I tried your sample project RestierTestWebApplication and it works fine if I use my local SQLExpress, but when I publish it to real server, where we have Active Directory and Windows authentication, it connects to DB using application pool account.

See https://github.com/OleksandrChekmez/ODataRESTier/blob/master/steps%20to%20reproduce.docx

Since https://github.com/OleksandrChekmez/ODataRESTier/tree/master/WebAPI_project/WebAPIplusEF project works fine on real server, therefore configuration of the server is correct. Because we use the same IIS, the same DB, only project code is different, therefore I assume that problem is in the code.

[OleksandrChekmez]

After a lot of long hours in RESTier source code debugging and checking we found the reason of the problem. All calls to Db done as async calls and some special manipulations required in order to do not loose user identity during such call.

This article help us to the the problem - https://blogs.msdn.microsoft.com/tom/2008/04/22/making-an-asynchronous-call-using-the-impersonation-identity/

We fixed it by changing aspnet.config file. It is not the best solution, because it can conflict with other application, but it is the only solution we found.

I hope this article will help you to fix the problem inside RESTier and it will work even without aspnet.config file changes.

[chinadragon0515]

@OleksandrChekmez Sorry for the later response, we are busy to release 0.5.0 of RESTier which we do not expect big changes before GA.

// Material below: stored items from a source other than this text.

Lemma gauss_sum_twist x : \sum_(c : F) chi c * psi (x * c) = chi x^-1 * G.
Proof.
have [-> | x_neq0] := eqVneq x 0.
  under eq_bigr do rewrite mul0r (psi0 R p_prime m_gt0 cardF) mulr1.
  by rewrite (sum_chi chi_mult chi_order d_gt1) invr0 (chi0 chi_mult) mul0r.
rewrite /gauss_sum mulr_sumr (reindex_inj (mulfI (invr_neq0 x_neq0))).
by apply: eq_bigr => c _; rewrite mulVKf // (chiM chi_mult) mulrA.
Qed.

Lemma norm_gauss_sum_sqr : `|G| ^+ 2 = #|F|%:R.
Proof.
have chi_mass_gt0 : 0 < \sum_(c : F) `|chi c| ^+ 2.
  rewrite (bigD1 1) //= (norm_chi chi_order) ?oner_neq0 // expr1n ltr_wpDr ?ltr01 //.
  by apply: sumr_ge0 => c _; apply: exprn_ge0.
apply: (mulIf (lt0r_neq0 chi_mass_gt0)); rewrite -(parseval p_prime p_gt2 m_gt0 cardF).
rewrite mulr_sumr [RHS](reindex_inj invr_inj); apply: eq_bigr => x _.
by rewrite gauss_sum_twist invrK normrM exprMn mulrC.
Qed.

Lemma S_sum0 (A : {set F}) : S A 0 = #|A|%:R.
Proof.
rewrite /S_sum; under eq_bigr do rewrite mulr0 (psi0 R p_prime m_gt0 cardF).
by rewrite sumr_const.
Qed.

Lemma sum_norm_S_sum_sqr (A : {set F}) : \sum_(c : F) `|S A c| ^+ 2 = #|F|%:R * #|A|%:R.
Proof.
have S_sumE c : S A c = \sum_(a : F) (a \in A)%:R * psi (c * a).
  rewrite /S_sum big_mkcond; apply: eq_bigr => a _.
  by case: (a \in A); rewrite ?mul1r ?mul0r // mulrC.
under eq_bigr do rewrite S_sumE.
rewrite (parseval p_prime p_gt2 m_gt0 cardF); congr (_ * _).
rewrite -sumr_const [RHS]big_mkcond; apply: eq_bigr => a _.
by case: (a \in A); rewrite ?normr1 ?normr0 ?expr1n ?expr0n.
Qed.

Lemma sum_chi_norm_S_sum (A : {set F}) :
  \sum_(c : F) chi c * `|S A c| ^+ 2 =
  G * \sum_(a in A) \sum_(b in A) chi (a - b)^-1.
Proof.
have norm_S_sqr c : `|S A c| ^+ 2 = \sum_(a in A) \sum_(b in A) psi ((a - b) * c).
  rewrite normCK /S_sum rmorph_sum mulr_suml; apply: eq_bigr => a _.
  rewrite mulr_sumr; apply: eq_bigr => b _.
  by rewrite mulrBl (psiB R p_prime m_gt0 cardF).
under eq_bigr do rewrite norm_S_sqr mulr_sumr.
rewrite exchange_big mulr_sumr; apply: eq_bigr => a _.
under eq_bigr do rewrite mulr_sumr.
rewrite exchange_big mulr_sumr; apply: eq_bigr => b _.
by rewrite gauss_sum_twist mulrC.
Qed.

Lemma sqrt_q_gt1 : 1 < sqrt_q.
Proof. by rewrite ltr1n -{1}(expn0 p) ltn_exp2l // prime_gt1. Qed.

Lemma sqrt_q_neq0 : sqrt_q != 0.
Proof. by rewrite gt_eqF // (lt_trans ltr01 sqrt_q_gt1). Qed.

Lemma q_sub_sqrt_q_gt0 : 0 < sqrt_q ^+ 2 - sqrt_q.
Proof.
have -> : sqrt_q ^+ 2 - sqrt_q = sqrt_q * (sqrt_q - 1) by ring.
by rewrite mulr_gt0 ?subr_gt0 ?sqrt_q_gt1 // (lt_trans ltr01 sqrt_q_gt1).
Qed.

Lemma natr_card : #|F|%:R = sqrt_q ^+ 2.
Proof. by rewrite cardF mulnC expnM natrX. Qed.

Lemma sqrtqE : sqrtq R F = sqrt_q.
Proof.
rewrite /sqrtq cardF mulnC expnM natrX sqrtr_sqr ger0_norm //.
by rewrite -[RHS](rmorph_nat (@real_complex R)).
Qed.

Lemma norm_gauss_sum : `|G| = sqrt_q.
Proof.
by apply/eqP; rewrite -(eqrXn2 (n := 2)) // -natr_card norm_gauss_sum_sqr.
Qed.

Lemma gauss_sum_neq0 : G != 0.
Proof. by rewrite -normr_eq0 norm_gauss_sum sqrt_q_neq0. Qed.

Lemma gp_clique_card_le (B : {set F}) : gp_clique d B -> (#|B| <= p ^ m)%N.
Proof.
move=> B_clique; have [nu nu_neq0 chi_nu] := chi_nontrivial chi_order d_gt1.
rewrite -leq_sqr -expnM mulnC -cardF; apply: gp_clique_card_sqr_le nu_neq0 _ B_clique.
by move=> z z_neq0; apply: contra_neq chi_nu => ->; apply: chi_dpow.
Qed.

Section FixedSet.
Variable A : {set F}.
Hypothesis cardA : #|A| = (p ^ m)%N.
Local Notation z c := (chi c * `|S A c| ^+ 2).

Lemma sum_norm_chi_S_sum : \sum_(c : F) `|z c| = sqrt_q * (sqrt_q ^+ 2 - sqrt_q).
Proof.
have := sum_norm_S_sum_sqr A; rewrite (bigD1 0) //= S_sum0 cardA natr_card => total.
rewrite (bigD1 0) //= (chi0 chi_mult) mul0r normr0 add0r.
rewrite (eq_bigr (fun c => `|S A c| ^+ 2)) => [|c c_neq0]; last first.
  by rewrite normrM (norm_chi chi_order) // mul1r normrX normr_id.
by apply: (addrI (`|sqrt_q| ^+ 2)); rewrite total ger0_norm //; ring.
Qed.

Lemma sum_offdiag : \sum_(a in A) \sum_(b in A) (a != b)%:R = sqrt_q ^+ 2 - sqrt_q.
Proof.
have row a : a \in A -> \sum_(b in A) (a != b)%:R = sqrt_q - 1.
  move=> a_A; apply: (addIr 1); rewrite subrK -cardA -sumr_const.
  rewrite (bigD1 a a_A) [RHS](bigD1 a a_A) /= eqxx add0r addrC; congr (_ + _).
  by apply: eq_bigr => b /andP[_ b_neq_a]; rewrite eq_sym b_neq_a.
by rewrite (eq_bigr _ row) sumr_const cardA -mulr_natr; ring.
Qed.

I am glad to hear you have a way to workaround this, we will look at this.

[markdstafford]

Thanks for the tip, and I'm really glad you at least have it functional. As @chinadragon0515, we are following up with some internal resources to see if there's something we can do here to reduce pain for future customers.

[chinadragon0515]

@markdstafford An issue against ASP .NET was already opened yesterday to see how we can improve future customers experience. https://github.com/aspnet/Identity/issues/835

I will continue follow up on that issue.

[chinadragon0515]

Ask on stack overflow, http://stackoverflow.com/questions/37604029/webapi-project-entityframework-asynchronize-call-does-not-use-the-same-account-a

[chinadragon0515]

Ask internal, was still recommend to this way, as this is for all Web Api project for async call, not something can be handled at RESTier code level, will add some note and then close the issue.

[chinadragon0515]

document is updated, close the issue.